For my money the best tiebreaker in all of sports is the one-on-one showdown over a full round of golf at the U.S. Open. That, folks, is as pure as it gets - one round and mano y mano. Argue all you want. Go ahead and waste your breath because you are wrong. The U.S. Open tiebreaker is the best there is because the participants actually play the entire match. There is no silly exhibition like in college football or the NHL where a watered-down skills competition decides the winner. Unlike the NFL the winner isn't decided by a coin toss or by a role player.
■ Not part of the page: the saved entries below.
(* Let $\{F_n\}_{n\geq 0}$ be a sequence of positive integers with $F_0=1$, let $\Pi$ be the cobweb poset it determines, and for $n\ge 0$ let $\chi_n(t)=\sum_{x\in P_n}\mu(0,x)\,t^{n-r(x)}$ be the characteristic polynomial of the finite cobweb subposet $P_n$. Then $$\chi_0(t)=1,\qquad \chi_1(t)=t-F_1,$$ and for $n\geq 2$, $$\chi_n(t)=t\,\chi_{n-1}(t)+(-1)^nF_n(F_{n-1}-1)(F_{n-2}-1)\cdots(F_1-1).$$
   Context: Cobweb poset: given the sequence $\{F_n\}_{n\ge 0}$, for $s\geq 0$ let the $s$-th level be $\Phi_s=\{\langle j,s\rangle : 1\leq j\leq F_s\}$, and let $V=\bigcup_{s\geq 0}\Phi_s$. The cobweb poset is $\Pi=(V,\leq)$ where for $x=\langle s,t\rangle$, $y=\langle u,v\rangle$ one has $x\leq y$ iff ($t<v$) or ($t=v$ and $s=u$). Its rank function is $r(x)=s$ for $x\in\Phi_s$. For $n\geq 0$, $P_n$ is the set $\bigcup_{0\leq s\leq n}\Phi_s$ with the induced order; it has unique minimal element $0=\langle 1,0\rangle$. $\mu$ denotes the M\''obius function of $P_n$. *)

From HB Require Import structures.
From mathcomp Require Import all_boot all_order all_algebra.
Set Implicit Arguments. Unset Strict Implicit. Unset Printing Implicit Defensive.
Import Order.TTheory GRing.Theory Num.Theory.
Local Open Scope ring_scope.

(* The recursion is run with fuel #|T|, which
   is enough since every strict chain in T has at most #|T| elements. *)
Fixpoint mobius_fuel (T : finType) (le : rel T) (k : nat) (x y : T) : int :=
  match k with
  | 0 => 0
  | k'.+1 =>
      if x == y then 1
      else if le x y then
        - \sum_(z : T | le x z && le z y && (z != y)) mobius_fuel le k' x z
      else 0
  end.

Definition mobius (T : finType) (le : rel T) (x y : T) : int :=
  mobius_fuel le #|T| x y.

(* The finite cobweb subposet P_n: elements <j,s> with 0 <= s <= n and
   j ranging over 'I_(F s) (0-based, i.e. j+1 in {1..F s}). *)
Definition cobweb (F : nat -> nat) (n : nat) : finType :=
  {s : 'I_n.+1 & 'I_(F s)}.

Definition cobweb_rank (F : nat -> nat) (n : nat) (x : cobweb F n) : nat :=
  val (tag x).

Definition cobweb_le (F : nat -> nat) (n : nat) : rel (cobweb F n) :=
  fun x y => (cobweb_rank x < cobweb_rank y)%N || (x == y).

Definition cobweb_zero (F : nat -> nat) (n : nat) (h : (0 < F 0)%N)
  : cobweb F n :=
  @Tagged _ (@ord0 n) (fun s : 'I_n.+1 => 'I_(F s)) (Ordinal h).

Definition cobweb_charpoly (F : nat -> nat) (n : nat) (h : (0 < F 0)%N)
  : {poly int} :=
  \sum_(x : cobweb F n)
     (mobius (@cobweb_le F n) (cobweb_zero n h) x)%:P * 'X^(n - cobweb_rank x).

From HB Require Import structures.
From mathcomp Require Import all_boot all_order all_algebra ring.
Import Order.TTheory GRing.Theory Num.Theory.
Set Implicit Arguments. Unset Strict Implicit. Unset Printing Implicit Defensive.
Local Open Scope ring_scope.

(* The Moebius value mu(0, x) depends only on the rank s of x: the elements
   strictly between 0 and x are exactly those of rank < s (and 0 itself), so
   m_s := mu(0, x) satisfies m_s = - sum_(r < s) F_r m_r.  Since F_0 = 1 this
   recursion is solved by m_s = (-1)^s (F_1 - 1) ... (F_(s-1) - 1).  Grouping
   chi_n by rank gives chi_n = sum_(s <= n) F_s m_s t^(n - s), and passing from
   n - 1 to n multiplies the old terms by t and adds the constant F_n m_n. *)

Section CobwebSums.
Variable F : nat -> nat.

Lemma cobweb_rank_le n (x : cobweb F n) : (cobweb_rank x <= n)%N.
Proof. by rewrite -ltnS ltn_ord. Qed.

Lemma sum_cobweb_rank (R : nmodType) n (Q : pred nat) (g : nat -> R) :
  \sum_(x : cobweb F n | Q (cobweb_rank x)) g (cobweb_rank x)
  = \sum_(s < n.+1 | Q s) g s *+ F s.
Proof.
rewrite -(eq_bigl _ _ (fun x => andbT _)).
rewrite -(sig_big_dep (fun s : 'I_n.+1 => Q s) (fun s _ => true) (fun s _ => g s)).
by apply: eq_bigr => s _; rewrite sumr_const card_ord.
Qed.

End CobwebSums.

Section CobwebMobius.
Variable F : nat -> nat.
Hypothesis F0 : F 0 = 1%N.

Definition cobweb_mu (s : nat) : int := (-1) ^+ s * \prod_(1 <= i < s) ((F i)%:Z - 1).

Lemma sum_cobweb_mu s :
  \sum_(r < s.+1) cobweb_mu r *+ F r = (-1) ^+ s * \prod_(1 <= i < s.+1) ((F i)%:Z - 1).
Proof.
elim: s => [|s IH]; first by rewrite big_ord1 /cobweb_mu F0 !big_geq.
rewrite big_ord_recr /= IH /cobweb_mu [in RHS]big_nat_recr //= exprS -mulr_natr natz.
by ring.
Qed.

Lemma cobweb_mu_rec s : (0 < s)%N -> cobweb_mu s = - \sum_(r < s) cobweb_mu r *+ F r.
Proof. by case: s => // s _; rewrite sum_cobweb_mu /cobweb_mu exprS mulN1r mulNr. Qed.

Variable h0 : (0 < F 0)%N.

Lemma cobweb_rank_eq0 n (z : cobweb F n) : cobweb_rank z = 0%N -> z = cobweb_zero n h0.
Proof.
case: z => s j /= rank_z; have s0 : s = ord0 by apply: val_inj.
subst s; congr Tagged; apply: val_inj => /=.
have : (nat_of_ord j < 1)%N by rewrite -[1%N]F0 ltn_ord.
by case: (nat_of_ord j).
Qed.

Lemma cobweb_zero_lt n (z y : cobweb F n) :
  (cobweb_rank z < cobweb_rank y)%N ->
  cobweb_le (cobweb_zero n h0) z && cobweb_le z y && (z != y).
Proof.
move=> lt_zy; rewrite /cobweb_le lt_zy orTb andbT.
have -> : z != y by apply: contraTneq lt_zy => ->; rewrite ltnn.
by rewrite andbT /= lt0n; case: eqP => //= /cobweb_rank_eq0 ->.
Qed.

Lemma mobius_fuel_cobweb_zero n k (y : cobweb F n) :
  (cobweb_rank y < k)%N ->
  mobius_fuel (@cobweb_le F n) k (cobweb_zero n h0) y = cobweb_mu (cobweb_rank y).
Proof.
elim: k y => // k IH y lt_yk /=.
case: eqP => [<-|ne0y]; first by rewrite /cobweb_mu big_geq.
have rank_y_gt0 : (0 < cobweb_rank y)%N.
  by rewrite lt0n; apply: contra_notN ne0y => /eqP /cobweb_rank_eq0 ->.
rewrite [cobweb_le _ y]/cobweb_le {1}/cobweb_rank /= rank_y_gt0 /= cobweb_mu_rec //.
congr (- _).
transitivity (\sum_(z : cobweb F n | (cobweb_rank z < cobweb_rank y)%N)
                 cobweb_mu (cobweb_rank z)).
  apply: eq_big => [z|z /andP[/andP[_]]].
    case: (ltnP (cobweb_rank z) (cobweb_rank y)) => [/cobweb_zero_lt //|ge_zy].
    by rewrite [cobweb_le z y]/cobweb_le ltnNge ge_zy /=; case: eqP; rewrite ?andbF.
  rewrite /cobweb_le => /orP[lt_zy _|/eqP -> /negP//].
  by apply: IH; apply: leq_trans lt_zy lt_yk.
rewrite (sum_cobweb_rank _ n (fun s => s < cobweb_rank y)%N cobweb_mu).
by rewrite (big_ord_widen_cond n.+1 xpredT (fun r => cobweb_mu r *+ F r))
   // leqW ?cobweb_rank_le.
Qed.

Hypothesis Fpos : forall k, (0 < F k)%N.

Lemma card_cobweb_gt n : (n < #|cobweb F n|)%N.
Proof.
have inj : injective (fun s : 'I_n.+1 => Tagged (fun s : 'I_n.+1 => 'I_(F s)) (Ordinal (Fpos s))).
  by move=> s t /(congr1 tag).
by have := leq_card _ inj; rewrite card_ord.
Qed.

Lemma mobius_cobweb_zero n (y : cobweb F n) :
  mobius (@cobweb_le F n) (cobweb_zero n h0) y = cobweb_mu (cobweb_rank y).
Proof.
apply: mobius_fuel_cobweb_zero.
exact: leq_ltn_trans (cobweb_rank_le y) (card_cobweb_gt n).
Qed.

Definition cobweb_chi n : {poly int} :=
  \sum_(s < n.+1) ((cobweb_mu s)%:P * 'X^(n - s)) *+ F s.

Lemma cobweb_charpolyE n : cobweb_charpoly n h0 = cobweb_chi n.
Proof.
rewrite /cobweb_charpoly.
under eq_bigr => x _ do rewrite mobius_cobweb_zero.
exact: (sum_cobweb_rank F n xpredT (fun s => (cobweb_mu s)%:P * 'X^(n - s))).
Qed.

Lemma cobweb_chi0 : cobweb_chi 0 = 1.
Proof. by rewrite /cobweb_chi big_ord1 /cobweb_mu subnn expr0 mulr1 F0 big_geq. Qed.

Lemma cobweb_chiS n : cobweb_chi n.+1 = 'X * cobweb_chi n + (cobweb_mu n.+1 *+ F n.+1)%:P.
Proof.
rewrite /cobweb_chi big_ord_recr /= subnn expr0 mulr1 polyCMn mulr_sumr; congr (_ + _).
apply: eq_bigr => s _; rewrite mulrnAr subSn ?exprS 1?mulrCA //.
by rewrite -ltnS ltn_ord.
Qed.

End CobwebMobius.

Theorem mainTheorem4 (F : nat -> nat) (Fpos : forall k, (0 < F k)%N)
    (F0 : F 0%N = 1%N) :
  cobweb_charpoly 0 (Fpos 0%N) = 1 /\
  cobweb_charpoly 1 (Fpos 0%N) = 'X - ((F 1%N)%:Z)%:P /\
  (forall n : nat, (2 <= n)%N ->
     cobweb_charpoly n (Fpos 0%N) =
       'X * cobweb_charpoly n.-1 (Fpos 0%N)
       + ((-1) ^+ n * (F n)%:Z * \prod_(1 <= i < n) ((F i)%:Z - 1))%:P).
Proof.
have chiE n := cobweb_charpolyE F0 (Fpos 0) Fpos n.
split; first by rewrite chiE cobweb_chi0.
split.
  rewrite chiE cobweb_chiS cobweb_chi0 // mulr1 /cobweb_mu big_geq // expr1 mulr1.
  by rewrite -mulr_natr natz mulN1r polyCN.
case=> // n _; rewrite !chiE cobweb_chiS /=.
by rewrite /cobweb_mu -mulr_natr natz mulrAC.
Qed.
Instead, to decide the winner of the U.S. Open golf tournament after four rounds have been played to a tie, the participants play golf. No chipping competition or a putting contest or even a reward for the best driving abilities - instead the winner is determined by the ability to play golf.
Imagine that.
At its core, golf is a sport all about endurance and like most endurance sports golf is a game in which improvement comes to those patient enough to put in the time, discipline and sacrifice. It's about putting oneself in position for the next shot and then the shot after that as opposed to right now. Fortunately the pace of the game gives the player a chance to think about future shots with all of the walking and quiet meditation.
And yes, golf is a game best played by walking. Otherwise, what's the point?
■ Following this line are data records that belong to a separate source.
(* phi of the b-th white couple is smaller than phi of the a-th black couple;
   c is the colour of node 1. *)
Definition white_before (c : bool) (b a : nat) : bool := if c then b <= a else b < a.

Lemma sum_white_before (c : bool) k :
  \sum_(a < k) \sum_(b < k) (white_before c b a : nat) = 'C(k + c, 2).
Proof.
rewrite /white_before; elim: k => [|k IH]; first by rewrite big_ord0 bin_small //; case: c.
rewrite big_ord_recr /=.
rewrite (eq_bigr (fun a : 'I_k => \sum_(b < k) ((if c then b <= a else b < a) : nat))); last first.
  move=> a _; rewrite big_ord_recr /=.
  have ha := ltn_ord a.
  have -> : (if c then k <= a else k < a) = false by case: (c); lia.
  by rewrite addn0.
rewrite IH big_ord_recr /= (eq_bigr (fun _ => 1)); last first.
  by move=> b _; have hb := ltn_ord b; case: (c); rewrite /= ?hb ?(ltnW hb).
rewrite sum1_card card_ord addSn binS bin1.
by case: (c); rewrite ?leqnn ?ltnn /= ?addn0 ?addn1 ?addnS.
Qed.

(* The exponent of sign_c in terms of the colour sequence kap of the couples and
   the colour c1 of node 1. *)
Definition couple_exponent (kap : seq bool) (c1 : bool) : nat :=
  count id kap * count id kap + 'C(count id kap + c1, 2) + bw_pairs kap.

Lemma couples_sorted n col : sorted ltn (couples n col).
Proof. by apply: sorted_filter; [exact: ltn_trans | exact: iota_ltn_sorted]. Qed.

Lemma couples_uniq n col : uniq (couples n col).
Proof. exact: filter_uniq (iota_uniq _ _). Qed.

Section CoupleSign.
Variables (n : nat) (col : nat -> bool).
Local Notation C := (couples n col).
Local Notation BC := (black_couples n col).
Local Notation WC := (white_couples n col).
Local Notation phi := (phi n col).

Lemma black_couples_sorted : sorted ltn BC.
Proof. by apply: sorted_filter; [exact: ltn_trans | exact: couples_sorted]. Qed.

Lemma white_couples_sorted : sorted ltn WC.
Proof. by apply: sorted_filter; [exact: ltn_trans | exact: couples_sorted]. Qed.

Lemma phi_black m : col m -> phi m = 2 * index m BC + (if col 1 then 2 else 1).
Proof. by move=> hm; rewrite /phi hm; case: (col 1). Qed.

Lemma phi_white m : ~~ col m -> phi m = 2 * index m WC + (if col 1 then 1 else 2).
Proof. by move=> hm; rewrite /phi (negbTE hm); case: (col 1). Qed.

Lemma phi_increasing_same_colour x y : x \in C -> y \in C -> col x = col y ->
  x < y -> phi x < phi y.
Proof.
move=> xC yC exy lxy; case: (boolP (col x)) => hx.
- have hy : col y by rewrite -exy.
  have xB : x \in BC by rewrite mem_filter hx.
  have yB : y \in BC by rewrite mem_filter hy.
  rewrite -(index_ltn_sorted black_couples_sorted xB yB) in lxy.
  by rewrite !phi_black //; case: (col 1); lia.
- have hy : ~~ col y by rewrite -exy.
  have xW : x \in WC by rewrite mem_filter hx.
  have yW : y \in WC by rewrite mem_filter hy.
  rewrite -(index_ltn_sorted white_couples_sorted xW yW) in lxy.
  by rewrite !phi_white //; case: (col 1); lia.
Qed.

Definition phi_inversion x y : nat := (x < y) && (phi y < phi x).

Lemma phi_inversion_black_white s u : col s -> ~~ col u ->
  let wb := white_before (col 1) (index u WC) (index s BC) in
  phi_inversion s u + phi_inversion u s + (s < u) + wb = 1 + 2 * ((s < u) && wb).
Proof.
move=> hs hu /=.
have nsu : s != u by apply/eqP => E; move: hu; rewrite -E hs.
rewrite /phi_inversion /white_before (phi_black hs) (phi_white hu).
set a := index u WC; set b := index s BC.
move: nsu; case: (col 1); case: (ltngtP s u) => //= _ _;
  [case: (ltnP b a) | case: (ltnP b a) | case: (leqP b a) | case: (leqP b a)] => /= hab; lia.
Qed.

Lemma phi_inversion_same_colour x y : x \in C -> y \in C -> col x = col y ->
  phi_inversion x y = 0.
Proof.
move=> xC yC exy; rewrite /phi_inversion; case: (ltnP x y) => //= lxy.
by have := phi_increasing_same_colour xC yC exy lxy; case: ltngtP.
Qed.

Lemma inversions_phi_black_white : inversions [seq phi m | m <- C] =
  \sum_(s <- C | col s) \sum_(u <- C | ~~ col u) (phi_inversion s u + phi_inversion u s).
Proof.
rewrite inversions_map_sorted ?couples_sorted // (bigID col) /=.
have split_inner x : \sum_(y <- C) phi_inversion x y =
    \sum_(y <- C | col y) phi_inversion x y + \sum_(y <- C | ~~ col y) phi_inversion x y.
  by rewrite (bigID col).
under eq_bigr do rewrite split_inner.
under [X in _ + X]eq_bigr do rewrite split_inner.
rewrite !big_split /=.
have -> : \sum_(x <- C | col x) \sum_(y <- C | col y) phi_inversion x y = 0.
  rewrite big_seq_cond; apply: big1 => x /andP[xC hx].
  rewrite big_seq_cond; apply: big1 => y /andP[yC hy].
  by rewrite phi_inversion_same_colour // hx hy.
have -> : \sum_(x <- C | ~~ col x) \sum_(y <- C | ~~ col y) phi_inversion x y = 0.
  rewrite big_seq_cond; apply: big1 => x /andP[xC hx].
  rewrite big_seq_cond; apply: big1 => y /andP[yC hy].
  by rewrite phi_inversion_same_colour // (negbTE hx) (negbTE hy).
rewrite add0n addn0 [X in _ + X]exchange_big -big_split /=.
by apply: eq_bigr => s _; rewrite big_split.
Qed.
But like endurance sports where improvement comes over time and practice, golf is sport that one can rarely master. Even Tiger Woods, probably the best golfer who ever lived, has to learn the art of humility on the course. That because golf, like most endurance sports, exposes every flaw and weakness. It's like marathon running that way in that imperfections are chewed up and snarfed back out into the dirt.
So to send Tiger Woods and Rocco Mediate - the ultimate PGA Tour grinder - back out onto the souped-up (yet fair) Torrey Pines links for 18 more holes is about as good as it gets in sports. Also, maybe an 18-hole playoff - or 19 as it turned out to be with Woods prevailing by a shot - is the only chance a player like Mediate had. A 23-year touring pro ranked as the 158th best player in the world, Mediate said his only chance to ever win a major was here and now.
He nearly pulled it off.
The good part was we all got to watch Tiger Woods persevere after getting pushed around by Rocco. Woods needed every dramatic shot he made just to get into Monday's playoff. Just the 18th hole at Torrey by itself was center stage for three of the most dramatic shots in recent golf history for three days in a row. Those were three holes that Woods played eagle, birdie, birdie just to be able to have a chance.
Without the 18-hole playoff we don't get that.
Better yet, the U.S. Open tiebreaker is played on a Monday morning when people normally are at work or watching soap operas. Instead of manufactured hype and over-wrought production, we got sports.
Pure and simple.
Beat that.
*** Speaking of overwrought, manufactured, phony and annoying, what's with all these Red Sox fans?
Maybe the Inquirer's Bob Ford knows?
Nevertheless, the press box here at the Bank is filthy with folks who have ventured out of the proverbial woodwork in order to take a gander at the crowded Red Sox bandwagon. But what they won't be able to decipher is a difference between the Sox and the New York Yankees. After all, when teams throw around that kind of cash it all just blends together.